Où dormir : la seule règle qui compte vraiment
Avant même de parler d’itinéraire, il faut régler la question du logement. Et je vais être direct : ne cherchez pas à dormir au cœur de Times Square. Oui, c’est pratique. Non, vous ne vous y remercierez pas à 23h quand les écrans publicitaires vous empêcheront de fermer l’œil et que le petit-déjeuner coûtera 25 $.
Je privilégie toujours ces zones :
- Midtown West / Hell’s Kitchen : à 10 minutes à pied de Times Square, mais avec de vraies rues, des restaurants de quartier et des prix 30% plus doux.
- Chelsea : parfait si vous voulez être proche de la High Line et du Meatpacking, avec un accès direct aux lignes de métro vers le sud.
- Upper West Side : mon choix personnel. À deux pas de Central Park, calme le soir, et le métro vous amène partout en 20 minutes.
Un conseil que j’ai appris à mes dépens : vérifiez toujours la distance à pied jusqu’à la station de métro, pas juste « la ligne passe dans le quartier ». La première fois, j’ai pris un hôtel à 15 minutes de marche de la station. Avec des chaussures déjà fatiguées en fin de journée, c’est une épreuve supplémentaire que vous ne méritez pas.
Jour 1 : le sud de Manhattan — Statue de la Liberté et Wall Street
Commencez par le sud. Pourquoi ? Parce que c’est le quartier le plus dense en sites incontournables, et que vous avez encore l’énergie du premier jour. Mais attention à l’ordre des opérations.
Réserver la Statue de la Liberté : le piège classique
La question qu’on me pose le plus souvent : « Est-ce qu’on peut y aller sans réserver ? »

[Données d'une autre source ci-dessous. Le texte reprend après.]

(* Let $\mathbf{L}\in\{\mathbf{K}_D,\mathbf{KD}_D,\mathbf{KT}_D\}$ and let $\Gamma\Rightarrow\Delta$ be a sequent. If $\Gamma\Rightarrow\Delta$ is valid in every finite model of the class $\mathbb{M}_{\mathbf{L}}$ (where $\mathbb{M}_{\mathbf{K}_D}=\mathbb{M}$, $\mathbb{M}_{\mathbf{KD}_D}=\mathbb{M}_{\mathbf{ser}}$, $\mathbb{M}_{\mathbf{KT}_D}=\mathbb{M}_{\mathbf{ref}}$), then $\mathsf{G}(\mathbf{L})\vdash\Gamma\Rightarrow\Delta$.
   Context: Language: fix a finite nonempty set $\mathsf{Agt}$ of agents and a countable set $\mathsf{Prop}$ of propositional variables; $\mathsf{Grp}$ is the set of nonempty subsets of $\mathsf{Agt}$. Formulas: $\alpha::=p\mid\bot\mid\alpha\wedge\alpha\mid\alpha\vee\alpha\mid\alpha\rightarrow\alpha\mid\neg\alpha\mid D_G\alpha$ ($p\in\mathsf{Prop}$, $G\in\mathsf{Grp}$). Outmost-boxed formula: one of the form $D_G\gamma$. Semantics: a model $M=(W,(R_G)_{G\in\mathsf{Grp}},V)$ has a set $W$ of states, binary relations $R_G$ on $W$ with $R_H\subseteq R_G$ whenever $G\subseteq H$, and $V:\mathsf{Prop}\to\mathcal P(W)$; it is finite if $W$ is finite. Truth is classical for connectives and $M,w\models D_G\alpha$ iff $M,v\models\alpha$ for all $v$ with $(w,v)\in R_G$. $\mathbb{M}$: all models; $\mathbb{M}_{\mathbf{ser}}$: models with $R_{\{a\}}$ serial for every $a\in\mathsf{Agt}$; $\mathbb{M}_{\mathbf{ref}}$: models with every $R_G$ reflexive. A sequent $\Gamma\Rightarrow\Delta$ is valid in a class if $\bigwedge\Gamma\rightarrow\bigvee\Delta$ is true at every state of every model in it (empty conjunction $\top$, empty disjunction $\bot$). Sequent calculi (sequents $\Gamma\Rightarrow\Delta$ are pairs of finite multisets; derivable = root of a finite tree built from initial sequents by rules): $\mathsf{G}(\mathbf{K}_D)$ has initial sequents $\Gamma,p\Rightarrow p,\Delta$ and $\bot,\Gamma\Rightarrow\Delta$; rules $(R\wedge)$ from $\Gamma\Rightarrow\Delta,\alpha_1$ and $\Gamma\Rightarrow\Delta,\alpha_2$ infer $\Gamma\Rightarrow\Delta,\alpha_1\wedge\alpha_2$; $(L\wedge)$ from $\alpha_1,\alpha_2,\Gamma\Rightarrow\Delta$ infer $\alpha_1\wedge\alpha_2,\Gamma\Rightarrow\Delta$; $(R\vee)$ from $\Gamma\Rightarrow\Delta,\alpha_1,\alpha_2$ infer $\Gamma\Rightarrow\Delta,\alpha_1\vee\alpha_2$; $(L\vee)$ from $\alpha_1,\Gamma\Rightarrow\Delta$ and $\alpha_2,\Gamma\Rightarrow\Delta$ infer $\alpha_1\vee\alpha_2,\Gamma\Rightarrow\Delta$; $(R\rightarrow)$ from $\alpha_1,\Gamma\Rightarrow\Delta,\alpha_2$ infer $\Gamma\Rightarrow\Delta,\alpha_1\rightarrow\alpha_2$; $(L\rightarrow)$ from $\Gamma\Rightarrow\Delta,\alpha_1$ and $\alpha_2,\Gamma\Rightarrow\Delta$ infer $\alpha_1\rightarrow\alpha_2,\Gamma\Rightarrow\Delta$; $(R\neg)$ from $\alpha,\Gamma\Rightarrow\Delta$ infer $\Gamma\Rightarrow\Delta,\neg\alpha$; $(L\neg)$ from $\Gamma\Rightarrow\Delta,\alpha$ infer $\neg\alpha,\Gamma\Rightarrow\Delta$; $(D_K)$: from $\alpha_1,\dots,\alpha_n\Rightarrow\beta$ ($n\ge0$) infer $\Sigma,D_{G_1}\alpha_1,\dots,D_{G_n}\alpha_n\Rightarrow D_G\beta,\Omega$ where all $G_i\subseteq G$, $\Sigma$ consists only of propositional variables, $\bot$, and $D_H\gamma$ with $H\not\subseteq G$, and $\Omega$ only of propositional variables, $\bot$, outmost-boxed formulas. $\mathsf{G}(\mathbf{KD}_D)$ adds $(D_D)$: from $\Gamma\Rightarrow$ with $\Gamma\neq\emptyset$ infer $\Sigma,D_{\{a\}}\Gamma\Rightarrow\Omega$, $\Sigma$ only propositional variables, $\bot$, $D_H\gamma$ with $H\neq\{a\}$; $\Omega$ only propositional variables, $\bot$, outmost-boxed formulas. $\mathsf{G}(\mathbf{KT}_D)$ adds to $\mathsf{G}(\mathbf{K}_D)$ $(D_T)$: from $D_G\alpha,\alpha,\Gamma\Rightarrow\Delta$ infer $D_G\alpha,\Gamma\Rightarrow\Delta$. *)

From mathcomp Require Import all_boot.
From Stdlib Require Import List Permutation.
Set Implicit Arguments. Unset Strict Implicit. Unset Printing Implicit Defensive.

Section Defs.
Variable Agt : finType.

Definition Grp := {G : {set Agt} | G != set0}.

Inductive form : Type :=
| Var : nat -> form
| Bot : form
| And : form -> form -> form
| Or  : form -> form -> form
| Imp : form -> form -> form
| Neg : form -> form
| Box : Grp -> form -> form.

Lemma set1_nonempty (a : Agt) : [set a] != set0.
Proof. by apply/set0Pn; exists a; rewrite in_set1. Qed.

Definition sgrp (a : Agt) : Grp := exist _ [set a] (set1_nonempty a).

Definition subgrp (G H : Grp) : bool := val G \subset val H.

Definition sigmaK (G : Grp) (f : form) : Prop :=
  match f with
  | Var _ | Bot => True
  | Box H _ => ~~ subgrp H G
  | _ => False
  end.

Definition sigmaD (a : Agt) (f : form) : Prop :=
  match f with
  | Var _ | Bot => True
  | Box H _ => val H <> [set a]
  | _ => False
  end.

Definition omegaOK (f : form) : Prop :=
  match f with
  | Var _ | Bot | Box _ _ => True
  | _ => False
  end.

Inductive logic : Type := LK | LKD | LKT.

Techniquement, oui. Pratiquement, non. Les billets pour le piédestal (et surtout pour la couronne) partent des semaines à l’avance en haute saison. Le billet “ferry classique” qui vous dépose sur Liberty Island sans monter, vous pouvez l’acheter le jour même. Mais si vous voulez monter au piédestal — et c’est un point de vue magnifique sur Lower Manhattan — réservez dès que vos dates sont fixées.
Mon conseil : prenez le premier ferry de la matinée. Il part de Battery Park vers 8h30 et vous aurez l’île presque pour vous. Après 10h, c’est la foule qui débarque par vagues.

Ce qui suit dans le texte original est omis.